To verify that this formula is also correct, we can make a truth table for it, observing that each of the three terms is true only if f is true also, and that together they cover all the situations in which f is true. Alternatively, we can simplify the original expression algebraically to get the same result.
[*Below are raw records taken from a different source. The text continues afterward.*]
(* Let $\kappa:[-1,1]\to\mathbb{R}$ be given by $\kappa(t)=\sum_{q\ge 0}\frac{J_q^2}{q!}t^q$, where $J_q\in\mathbb{R}$, $J_q\neq 0$ for infinitely many $q$, $\sum_{q\ge1}\frac{|J_q|}{(q-1)!}<\infty$ (so that $\kappa\in C^1([-1,1])$), and $\kappa(1)=1$. For $L\ge1$ let $\kappa_L=\kappa\circ\cdots\circ\kappa$ ($L$ times), and let $\mathcal{I}(\kappa)=\{t\in[-1,1]:\kappa(t)=1\}$. Assume $\kappa'(1)=1$ and that there exist $c\in\mathbb{R}\setminus\{0\}$ and $\rho>1$ such that \[ 1-\kappa(t)=\kappa'(1)(1-t)-c(1-t)^{\rho}+o\bigl((1-t)^{\rho}\bigr)\quad\text{as } t\to1^-. \] Then $c>0$ and, for every $t\in[-1,1]$, \[ \mathfrak{S}(t):=\lim_{L\to\infty}L^{1/(\rho-1)}\bigl(1-\kappa_L(t)\bigr)=\begin{cases}0,& t\in\mathcal{I}(\kappa),\\ h_{c,\rho},& t\notin\mathcal{I}(\kappa),\end{cases} \] where $h_{c,\rho}=(c(\rho-1))^{-1/(\rho-1)}$. *)

From Stdlib Require Import Reals.
From Coquelicot Require Import Coquelicot.
Open Scope R_scope.

Definition kappa (J : nat -> R) (t : R) : R :=
  Series (fun q => J q ^ 2 / INR (Factorial.fact q) * t ^ q).

Definition kappa_iter (J : nat -> R) (L : nat) (t : R) : R :=
  Nat.iter L (kappa J) t.

Definition h_const (c rho : R) : R := Rpower (c * (rho - 1)) (- (1 / (rho - 1))).

From Stdlib Require Import Reals Lra Lia.
From Coquelicot Require Import Coquelicot.
Open Scope R_scope.

(* Put a_q = J_q^2 / q!.  Then kappa is the generating function of the weights
   a_q >= 0 with sum a_q = kappa(1) = 1, so 1 - kappa(t) = sum a_q (1 - t^q), and
   the left derivative at 1 bounds the mean: sum q a_q <= 1.  As some a_q with
   q >= 2 is positive, kappa(u) - u >= a_q (1 - u)^2 on [-1, 1]: hence c >= 0, and
   the iterates increase to 1 unless kappa(t) = 1.  For s_L = 1 - kappa_L(t) the
   expansion reads s_(L+1) = s_L - (c + o(1)) s_L^rho, so s_L^(1 - rho) grows by
   c (rho - 1) + o(1) per step, and Stolz-Cesaro gives
   s_L ~ (c (rho - 1) L)^(-1/(rho - 1)). *)

Lemma pow_le_1 u q : -1 <= u <= 1 -> u ^ q <= 1.
Proof.
  intros Hu. apply Rle_trans with (Rabs u ^ q); [apply pow_Rabs|].
  rewrite <- (pow1 q). apply pow_incr. split; [apply Rabs_pos | apply Rabs_le; lra].
Qed.

Lemma bernoulli_ineq u q : -1 <= u <= 1 -> 1 - INR q * (1 - u) <= u ^ q.
Proof.
  intros Hu. induction q as [|q IH]; [simpl; lra|].
  rewrite S_INR. simpl. pose proof (pow_le_1 u q Hu).
  assert (0 <= (1 - u) * (1 - u ^ q)) by (apply Rmult_le_pos; lra). nra.
Qed.

Lemma bernoulli_ineq_sqr u q : -1 <= u <= 1 -> (2 <= q)%nat ->
  1 - INR q * (1 - u) + (1 - u) ^ 2 <= u ^ q.
Proof.
  intros Hu Hq. induction Hq as [|q Hq IH]; [simpl; lra|].
  rewrite S_INR. simpl. pose proof (pow_le_1 u q Hu).
  assert (0 <= (1 - u) * (1 - u ^ q)) by (apply Rmult_le_pos; lra). nra.
Qed.

Lemma pow_le_quadratic t q : 0 <= t <= 1 ->
  t ^ q <= 1 - INR q * (1 - t) + INR q ^ 2 * (1 - t) ^ 2.
Proof.
  intros Ht. induction q as [|q IH]; [simpl; lra|].
  pose proof (bernoulli_ineq t q ltac:(lra)). pose proof (pos_INR q).
  rewrite S_INR. simpl. simpl in IH.
  assert (0 <= (1 - t) * (t ^ q - (1 - INR q * (1 - t)))) by (apply Rmult_le_pos; lra).
  assert (0 <= (INR q + 1) * ((1 - t) * (1 - t))) by (apply Rmult_le_pos; nra).
  nra.
Qed.

Lemma sum_f_R0_ge_term a k N : (forall n, 0 <= a n) -> (k <= N)%nat ->
  a k <= sum_f_R0 a N.
Proof.
  intros Ha Hk. induction Hk as [|N _ IH].
  - destruct k as [|k]; simpl; [lra|]. pose proof (cond_pos_sum a k Ha). lra.
  - simpl. pose proof (Ha (S N)). lra.
Qed.

Lemma is_lim_seq_sum_f_R0 a l : is_series a l -> is_lim_seq (sum_f_R0 a) l.
Proof.
  intros H. apply (is_lim_seq_ext (sum_n a)); [intros n; apply sum_n_Reals | exact H].
Qed.

Lemma sum_f_R0_le_is_series a l N : (forall n, 0 <= a n) -> is_series a l ->
  sum_f_R0 a N <= l.
Proof.
  intros Ha Hl. apply sum_incr; [|exact Ha].
  apply is_lim_seq_Reals, is_lim_seq_sum_f_R0, Hl.
Qed.

Lemma is_series_le_of_sum_f_R0 a l B N0 : is_series a l ->
  (forall N, (N0 <= N)%nat -> sum_f_R0 a N <= B) -> l <= B.
Proof.
  intros Hl HB.
  exact (is_lim_seq_le_loc _ _ l B (ex_intro _ N0 HB) (is_lim_seq_sum_f_R0 _ _ Hl)
           (is_lim_seq_const B)).
Qed.

(* A nonnegative divergent series has [Series] equal to the junk value [0]. *)
Lemma is_series_of_Series_neq_0 a : (forall n, 0 <= a n) -> Series a <> 0 ->
  is_series a (Series a).
Proof.
  intros Ha H0.
  assert (Hincr : forall n, sum_n a n <= sum_n a (S n)).
  { intros n. rewrite sum_Sn. change (plus ?x ?y) with (x + y).
    pose proof (Ha (S n)). lra. }
  pose proof (Lim_seq_correct _ (ex_lim_seq_incr _ Hincr)) as Hlim.
  unfold Series in *.
  destruct (Lim_seq (sum_n a)); simpl in *; [exact Hlim | now contradiction H0 ..].
Qed.

Section GeneratingFunction.

Variable a : nat -> R.
Hypothesis a_ge0 : forall q, 0 <= a q.
Hypothesis a_sum1 : is_series a 1.

Definition pgf (u : R) : R := Series (fun q => a q * u ^ q).

Lemma is_series_pgf u : -1 <= u <= 1 -> is_series (fun q => a q * u ^ q) (pgf u).
Proof.
  intros Hu. apply Series_correct.
  apply (@ex_series_le R_AbsRing R_CompleteNormedModule _ a); [|now exists 1].
  intros n. change norm with Rabs.
  rewrite Rabs_mult, Rabs_pos_eq, <- RPow_abs by apply a_ge0.
  rewrite <- (Rmult_1_r (a n)) at 2. apply Rmult_le_compat_l; [apply a_ge0|].
  apply pow_le_1. split; [pose proof (Rabs_pos u); lra | apply Rabs_le; lra].
Qed.

Lemma pgf_1 : pgf 1 = 1.
Proof.
  unfold pgf. rewrite (Series_ext _ a) by (intros q; rewrite pow1; ring).
  exact (is_series_unique _ _ a_sum1).
Qed.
f = (¬a ∧ b ∧ c) ∨ (a ∧ b ∧ c)
∨ (a ∧ ¬b ∧ c) ∨ (a ∧ b ∧ c)
∨ (a ∧ b ∧ ¬c) ∨ (a ∧ b ∧ c)
= ((¬a ∨ a) ∧ b ∧ c)
∨ (a ∧ (¬b ∨ b) ∧ c)
∨ (a ∧ b ∧ (¬c ∨ c))
= (b ∧ c) ∨ (a ∧ c) ∨ (a ∧ b)
There are routine, manual procedures that take a Boolean function with a small number of variables and find its minimal expression as a 'sum of products', but we don't have time to study them in this course. Such procedures are hard to use if there are more than 4 inputs to the circuit, and are in any case rendered irrelevant by computer methods that you can study in the course Computer-Aided Formal Verification. Comforting though rituals are, in this course it will be enough for us to rely on insight, enthusiasm and good luck.
Added in the lecture
1. Multiplexer: a combinational circuit implementing z = (¬c ? a : b) by
- z = (¬c ∧ a) ∨ (c ∧ b)
2. Input combinations as vertices of a (hyper)cube with terms as edges or faces. Finding a covering set of prime implicants for the majority example using the cube, and using a Karnaugh map. (Not examinable.)